**ASSIGNED TASK**
When the string "mfun" appears in a line of the records, show the whole line.

── DATA SHOWN ──

Lemma fluid_sign_change_high_demand : f1 <= f2 -> 2 * e < Lam * f1 ->
  sign_change_at (blocking_gap (fluid_empty_prob e) f1 f2 Lam) Lam (Lam / 2).
Proof.
  intros Hf12 Hd; split; [lra|split]; intros l Hl; rewrite blocking_gap_fluid;
    destruct (fluid_success_spec e f1 l He Hf1 ltac:(lra)) as [A1 [A2 A3]];
    destruct (fluid_success_spec e f2 (Lam - l) He ltac:(lra) ltac:(lra)) as [B1 [B2 B3]];
    set (s1 := fluid_success e f1 l) in *; set (s2 := fluid_success e f2 (Lam - l)) in *.
  - assert (s2 * Lam < 2 * e) by nra; assert (s2 < f1) by nra.
    destruct A3 as [A3|A3]; nra.
  - assert (s1 * Lam < 2 * e) by nra; assert (s1 < f1) by nra.
    destruct B3 as [B3|B3]; nra.
Qed.

Lemma fluid_sign_change_mid_demand : f1 < f2 -> e < Lam * f1 <= 2 * e ->
  sign_change_at (blocking_gap (fluid_empty_prob e) f1 f2 Lam) Lam (Lam - e / f1).
Proof.
  intros Hf12 Hd.
  assert (E : (Lam - e / f1) * f1 = Lam * f1 - e) by (field; lra).
  assert (0 < e / f1) by (apply Rdiv_lt_0_compat; lra).
  assert (Hw : 0 <= Lam - e / f1 <= Lam) by (split; nra).
  split; [exact Hw|split]; intros l Hl; rewrite blocking_gap_fluid;
    destruct (fluid_success_spec e f1 l He Hf1 ltac:(lra)) as [A1 [A2 A3]];
    destruct (fluid_success_spec e f2 (Lam - l) He ltac:(lra) ltac:(lra)) as [B1 [B2 B3]];
    set (s1 := fluid_success e f1 l) in *; set (s2 := fluid_success e f2 (Lam - l)) in *.
  - assert (l * f1 < Lam * f1 - e) by nra.
    assert (s1 = f1) by (destruct A3 as [A3|A3]; [exact A3 | nra]).
    nra.
  - assert (Lam * f1 - e < l * f1) by nra.
    destruct B3 as [B3|B3]; nra.
Qed.

Lemma fluid_sign_change_low_demand : f1 < f2 -> Lam * f1 <= e ->
  sign_change_at (blocking_gap (fluid_empty_prob e) f1 f2 Lam) Lam 0.
Proof.
  intros Hf12 Hd; split; [lra|split]; [intros; lra|]; intros l Hl; rewrite blocking_gap_fluid;
    destruct (fluid_success_spec e f1 l He Hf1 ltac:(lra)) as [A1 [A2 A3]];
    destruct (fluid_success_spec e f2 (Lam - l) He ltac:(lra) ltac:(lra)) as [B1 [B2 B3]];
    set (s1 := fluid_success e f1 l) in *; set (s2 := fluid_success e f2 (Lam - l)) in *.
  destruct B3 as [B3|B3]; nra.
Qed.

End FluidSignChange.

Section WardropContinuity.

Variables (f : R -> R) (phih Lam e phi1 phi2 : R) (W : R -> R).
Hypotheses (Hphih : 0 < phih) (HLam : 0 < Lam) (He : 0 < e) (Hf0 : f 0 = 1)
  (Hfpos : forall p, 0 <= p <= phih -> 0 < f p <= 1)
  (Hfdec : forall x y, 0 <= x <= phih -> 0 <= y <= phih -> x < y -> f y < f x)
  (Hfcont : forall p, 0 <= p <= phih -> continuity_pt f p)
  (Hphi1 : 0 <= phi1 <= phih) (Hphi2 : 0 <= phi2 <= phih) (H12 : phi2 <= phi1)
  (HWs : forall b, 0 < b ->
     sign_change_at (blocking_gap (fun x => empty_prob e x b) (f phi1) (f phi2) Lam) Lam (W b))
  (HW0 : W 0 = lam1_tilde f phih e Lam phi1 phi2).

Lemma f_attains y : f phih <= y <= 1 -> exists p, 0 <= p <= phih /\ f p = y.
Proof.
  intros Hy.
  destruct (Req_dec y 1) as [->|H1]; [exists 0; split; [lra | exact Hf0]|].
  destruct (Req_dec y (f phih)) as [->|H2]; [exists phih; split; [lra | reflexivity]|].
  destruct (Ranalysis5.IVT_interv (fun p => y - f p) 0 phih) as [p [Hp Hfp]].
  - intros a Ha; apply continuity_pt_minus; [|now apply Hfcont].
    apply continuity_pt_const; intros ? ?; reflexivity.
  - exact Hphih.
  - rewrite Hf0; lra.
  - lra.
  - exists p; split; [exact Hp | lra].
Qed.

Lemma finv_threshold y phi : 0 <= phi <= phih ->
  (phi < finv f phih y -> y < f phi) /\ (finv f phih y <= phi -> f phi <= y).
Proof.
  intros Hphi; assert (Hf := Hfpos phi Hphi); unfold finv.
  destruct (Rlt_dec 1 y); [split; intros; lra|].
  destruct (Rlt_dec y (f phih)).
  - split; intros; [|lra].
    destruct (Req_dec phi phih) as [->|]; [assumption|].
    assert (f phih < f phi) by (apply Hfdec; lra); lra.
  - destruct (epsilon_spec (inhabits 0) (fun p => 0 <= p <= phih /\ f p = y)
      (f_attains y ltac:(lra))) as [Hp Hfp].
    set (p := epsilon _ _) in *; split; intros Hcmp.
    + rewrite <- Hfp; apply Hfdec; lra.
    + rewrite <- Hfp; destruct (Req_dec p phi) as [->|]; [lra|].
      left; apply Hfdec; lra.
Qed.

Lemma finv_demand_threshold c phi : 0 < c -> 0 <= phi <= phih ->
  (phi < finv f phih (c / Lam) -> c < Lam * f phi) /\
  (finv f phih (c / Lam) <= phi -> Lam * f phi <= c).
Proof.
  intros Hc Hphi; destruct (finv_threshold (c / Lam) phi Hphi) as [Hlt Hge].
  split; intros H.
  - apply Hlt in H; apply Rmult_lt_reg_r with (/ Lam); [apply Rinv_0_lt_compat; lra|].
    replace (Lam * f phi * / Lam) with (f phi) by (field; lra); exact H.
  - apply Hge in H; apply Rmult_le_reg_r with (/ Lam); [apply Rinv_0_lt_compat; lra|].
    replace (Lam * f phi * / Lam) with (f phi) by (field; lra); exact H.
Qed.

Lemma beta_zero_cases :
  (2 * e < Lam * f phi1 /\ lam1_tilde f phih e Lam phi1 phi2 = Lam / 2 /\
     M1_tilde f phih e Lam phi1 phi2 = e * phi1 /\ M2_tilde f phih e Lam phi1 phi2 = e * phi2) \/
  (phi1 = phi2 /\ Lam * f phi1 <= 2 * e /\ lam1_tilde f phih e Lam phi1 phi2 = Lam / 2 /\
     M1_tilde f phih e Lam phi1 phi2 = Lam / 2 * f phi1 * phi1 /\
     M2_tilde f phih e Lam phi1 phi2 = Lam / 2 * f phi2 * phi2) \/
  (f phi1 < f phi2 /\ e < Lam * f phi1 <= 2 * e /\
     lam1_tilde f phih e Lam phi1 phi2 = Lam - e / f phi1 /\
     M1_tilde f phih e Lam phi1 phi2 = mfun f e Lam phi1 /\
     M2_tilde f phih e Lam phi1 phi2 = e * phi2) \/
  (f phi1 < f phi2 /\ Lam * f phi1 <= e /\ lam1_tilde f phih e Lam phi1 phi2 = 0 /\
     M1_tilde f phih e Lam phi1 phi2 = 0 /\
     M2_tilde f phih e Lam phi1 phi2 = Rmin (Lam * f phi2) e * phi2).
Proof.
  destruct (finv_demand_threshold (2 * e) phi1 ltac:(lra) Hphi1) as [Hlow_lt Hlow_ge].
  destruct (finv_demand_threshold e phi1 He Hphi1) as [Hbar_lt Hbar_ge].
  unfold lam1_tilde, M1_tilde, M2_tilde, phi_low, phi_bar in *.
  destruct (Rlt_dec phi1 (finv f phih (2 * e / Lam))) as [Ca|Ca];
    [left; repeat split; auto|right].
  apply Rnot_lt_le in Ca; specialize (Hlow_ge Ca).
  destruct (Req_dec_T phi1 phi2) as [Cd|Cd]; [left; repeat split; auto|right].
  assert (Hf12 : f phi1 < f phi2) by (apply Hfdec; auto; lra).
  destruct (Rlt_dec phi1 (finv f phih (e / Lam))) as [Cb|Cb];
    [left; repeat split; auto|right].
  apply Rnot_lt_le in Cb; repeat split; auto.
Qed.

Lemma lam1_tilde_bounds : 0 <= lam1_tilde f phih e Lam phi1 phi2 <= Lam.
Proof.
  assert (Hf1 := Hfpos phi1 Hphi1).
  destruct beta_zero_cases as [[_ [-> _]]|[[_ [_ [-> _]]]|[[_ [Hd [-> _]]]|[_ [_ [-> _]]]]]];
    try lra.
  assert (0 < e / f phi1) by (apply Rdiv_lt_0_compat; lra).
  assert (e / f phi1 * f phi1 = e) by (field; lra).
  split; nra.
Qed.

Lemma filterlim_wardrop_zero :
  filterlim W (locally_pos 0) (locally (lam1_tilde f phih e Lam phi1 phi2)).
Proof.
  assert (Hf1 := Hfpos phi1 Hphi1); assert (Hf2 := Hfpos phi2 Hphi2).
  assert (Hbounds := lam1_tilde_bounds).
  assert (Hfluid : forall Wl,
    sign_change_at (blocking_gap (fluid_empty_prob e) (f phi1) (f phi2) Lam) Lam Wl ->
    filterlim W (locally_pos 0) (locally Wl)).
  { intros Wl HWl.
    apply (filterlim_wardrop_split e (f phi1) (f phi2) Lam 0 (fluid_empty_prob e) W Wl He);
      [lra | lra | exact HWs | apply empty_prob_lim_zero, He | exact HWl]. }
  destruct beta_zero_cases as
    [[Hd [Hl _]]|[[Heq [_ [Hl _]]]|[[Hf12 [Hd [Hl _]]]|[Hf12 [Hd [Hl _]]]]]]; rewrite Hl in *.
  - apply Hfluid, fluid_sign_change_high_demand; try lra.
    destruct (Req_dec phi1 phi2) as [->|]; [lra | left; apply Hfdec; lra].
  - (* Equal prices: the blocking gap vanishes at Lam / 2 for every beta > 0. *)
    subst phi2; apply (filterlim_ext_loc (fun _ => Lam / 2)); [|apply filterlim_const].
    apply locally_pos_forall; intros b Hb.
    apply (sign_change_at_unique (blocking_gap (fun x => empty_prob e x b) (f phi1) (f phi1) Lam)
      Lam); [|apply HWs, Hb].
    apply sign_change_at_of_sqr_min; [intros; apply blocking_gap_lt; lra | lra |].
    intros lam _; replace (blocking_gap _ _ _ Lam (Lam / 2)) with 0
      by (unfold blocking_gap; replace (Lam - Lam / 2) with (Lam / 2) by field; ring).
    rewrite Rsqr_0; apply Rle_0_sqr.
  - apply Hfluid, fluid_sign_change_mid_demand; lra.
  - apply Hfluid, fluid_sign_change_low_demand; lra.
Qed.

Lemma M1_tilde_fluid : M1_tilde f phih e Lam phi1 phi2 =
  lam1_tilde f phih e Lam phi1 phi2 * f phi1 * phi1 *
  (1 - fluid_empty_prob e (lam1_tilde f phih e Lam phi1 phi2 * f phi1)).
Proof.
  assert (Hf1 := Hfpos phi1 Hphi1); assert (Hbounds := lam1_tilde_bounds).
  rewrite fluid_revenue by (try apply Rmult_le_pos; lra).
  destruct beta_zero_cases as [[Hd [-> [-> _]]]|[[_ [Hd [-> [-> _]]]]|
    [[_ [Hd [-> [-> _]]]]|[_ [_ [-> [-> _]]]]]]]; unfold Rmin, mfun.
  - destruct (Rle_dec (Lam / 2 * f phi1) e); [lra | reflexivity].
  - destruct (Rle_dec (Lam / 2 * f phi1) e); [reflexivity | lra].
  - replace ((Lam - e / f phi1) * f phi1) with (Lam * f phi1 - e) by (field; lra).
    destruct (Rle_dec (Lam * f phi1 - e) e); [reflexivity | lra].
  - rewrite Rmult_0_l; destruct (Rle_dec 0 e); [ring | lra].
Qed.

Lemma M2_tilde_fluid : M2_tilde f phih e Lam phi1 phi2 =
  (Lam - lam1_tilde f phih e Lam phi1 phi2) * f phi2 * phi2 *
  (1 - fluid_empty_prob e ((Lam - lam1_tilde f phih e Lam phi1 phi2) * f phi2)).
Proof.
  assert (Hf1 := Hfpos phi1 Hphi1); assert (Hf2 := Hfpos phi2 Hphi2).
  assert (Hbounds := lam1_tilde_bounds).
  rewrite fluid_revenue by (try apply Rmult_le_pos; lra).
  assert (Hf12 : f phi1 <= f phi2)
    by (destruct (Req_dec phi1 phi2) as [->|]; [lra | left; apply Hfdec; lra]).
  destruct beta_zero_cases as [[Hd [-> [_ ->]]]|[[<- [Hd [-> [_ ->]]]]|
    [[Hlt [Hd [-> [_ ->]]]]|[_ [_ [-> [_ ->]]]]]]]; unfold Rmin.
  - destruct (Rle_dec ((Lam - Lam / 2) * f phi2) e); [exfalso; nra | reflexivity].
  - destruct (Rle_dec ((Lam - Lam / 2) * f phi1) e); [field | exfalso; nra].
  - replace (Lam - (Lam - e / f phi1)) with (e / f phi1) by ring.
    assert (e / f phi1 * f phi1 = e) by (field; lra).
    assert (0 < e / f phi1) by (apply Rdiv_lt_0_compat; lra).
    destruct (Rle_dec (e / f phi1 * f phi2) e); [nra | reflexivity].
  - rewrite Rminus_0_r; reflexivity.
Qed.

Lemma split_limits_at b0 : 0 <= b0 -> exists DL, empty_prob_lim e b0 DL /\
  0 <= W b0 <= Lam /\ filterlim W (locally_pos b0) (locally (W b0)) /\
  (if Req_dec_T b0 0 then M1_tilde f phih e Lam phi1 phi2 else Mrev f e (W b0) phi1 b0)
    = W b0 * f phi1 * phi1 * (1 - DL (W b0 * f phi1)) /\
  (if Req_dec_T b0 0 then M2_tilde f phih e Lam phi1 phi2 else Mrev f e (Lam - W b0) phi2 b0)
    = (Lam - W b0) * f phi2 * phi2 * (1 - DL ((Lam - W b0) * f phi2)).
Proof.
  intros Hb0; destruct (Req_dec_T b0 0) as [->|Hne].
  - exists (fluid_empty_prob e); rewrite HW0.
    split; [apply empty_prob_lim_zero, He|].
    split; [apply lam1_tilde_bounds|].
    split; [apply filterlim_wardrop_zero|].
    split; [apply M1_tilde_fluid | apply M2_tilde_fluid].
  - assert (Hpos : 0 < b0) by lra; assert (HD := empty_prob_lim_pos e b0 He Hpos).
    exists (fun x => empty_prob e x b0); split; [exact HD|].
    split; [apply (HWs b0 Hpos)|].
    split; [|split; reflexivity].
    assert (Hf1 := Hfpos phi1 Hphi1); assert (Hf2 := Hfpos phi2 Hphi2).
    apply (filterlim_wardrop_split e (f phi1) (f phi2) Lam b0 (fun x => empty_prob e x b0) W);
      [exact He | lra | lra | exact HWs | exact HD | apply HWs, Hpos].
Qed.

Lemma cont_on_nonneg_split : cont_on_nonneg W.
Proof.
  apply cont_on_nonneg_of_locally_pos; intros b0 Hb0.
  now destruct (split_limits_at b0 Hb0) as [DL [_ [_ [HW _]]]].
Qed.

Lemma cont_on_nonneg_revenue1 :
  cont_on_nonneg (fun beta => if Req_dec_T beta 0 then M1_tilde f phih e Lam phi1 phi2
                              else Mrev f e (W beta) phi1 beta).
Proof.
  assert (Hf1 := Hfpos phi1 Hphi1).
  apply cont_on_nonneg_Mrev; [lra | intros b Hb; apply (HWs b Hb) |].
  intros b0 Hb0; destruct (split_limits_at b0 Hb0) as [DL [HD [HWb0 [HW [HM1 _]]]]].
  exists DL; repeat split; auto; lra.
Qed.

Lemma cont_on_nonneg_revenue2 :
  cont_on_nonneg (fun beta => if Req_dec_T beta 0 then M2_tilde f phih e Lam phi1 phi2
                              else Mrev f e (Lam - W beta) phi2 beta).
Proof.
  assert (Hf2 := Hfpos phi2 Hphi2).
  apply cont_on_nonneg_Mrev; [lra | intros b Hb; assert (H := proj1 (HWs b Hb)); lra |].
  intros b0 Hb0; destruct (split_limits_at b0 Hb0) as [DL [HD [HWb0 [HW [_ HM2]]]]].
  exists DL; repeat split; auto; [lra|].
  apply filterlim_Rminus; [apply filterlim_const | exact HW].
Qed.

End WardropContinuity.

Theorem theorem3
  (f : R -> R) (phih Lam e phi1 phi2 : R) (W : R -> R)
  (Hphih : 0 < phih) (HLam : 0 < Lam) (He : 0 < e)
  (Hf0 : f 0 = 1)
  (Hfpos : forall p, 0 <= p <= phih -> 0 < f p <= 1)
  (Hfdec : forall x y, 0 <= x <= phih -> 0 <= y <= phih -> x < y -> f y < f x)
  (Hfconc : forall x y t, 0 <= x <= phih -> 0 <= y <= phih -> x <> y ->
     0 < t < 1 -> t * f x + (1 - t) * f y < f (t * x + (1 - t) * y))
  (Hfdiff : forall p, 0 <= p <= phih -> ex_derive f p)
  (Hphi1 : 0 <= phi1 <= phih) (Hphi2 : 0 <= phi2 <= phih) (H12 : phi2 <= phi1)
  (HW : forall beta, 0 < beta -> is_wardrop f e Lam phi1 phi2 beta (W beta))
  (HW0 : W 0 = lam1_tilde f phih e Lam phi1 phi2) :
  cont_on_nonneg W /\
  cont_on_nonneg (fun beta => if Req_dec_T beta 0 then M1_tilde f phih e Lam phi1 phi2
                              else Mrev f e (W beta) phi1 beta) /\
  cont_on_nonneg (fun beta => if Req_dec_T beta 0 then M2_tilde f phih e Lam phi1 phi2
                              else Mrev f e (Lam - W beta) phi2 beta).
Proof.
  assert (Hfcont : forall p, 0 <= p <= phih -> continuity_pt f p)
    by (intros p Hp; apply continuity_pt_filterlim,
          (@ex_derive_continuous R_AbsRing R_NormedModule), Hfdiff, Hp).
  assert (HWs : forall b, 0 < b -> sign_change_at
      (blocking_gap (fun x => empty_prob e x b) (f phi1) (f phi2) Lam) Lam (W b)).
  { intros b Hb; apply sign_change_at_wardrop; auto; apply Hfpos; assumption. }
  split; [|split].
  - apply (cont_on_nonneg_split f phih Lam e phi1 phi2); auto.
  - apply (cont_on_nonneg_revenue1 f phih Lam e phi1 phi2); auto.
  - apply (cont_on_nonneg_revenue2 f phih Lam e phi1 phi2); auto.
Qed.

───

**EXERCISE SOLUTION**
     M1_tilde f phih e Lam phi1 phi2 = mfun f e Lam phi1 /\
    [[_ [Hd [-> [-> _]]]]|[_ [_ [-> [-> _]]]]]]]; unfold Rmin, mfun.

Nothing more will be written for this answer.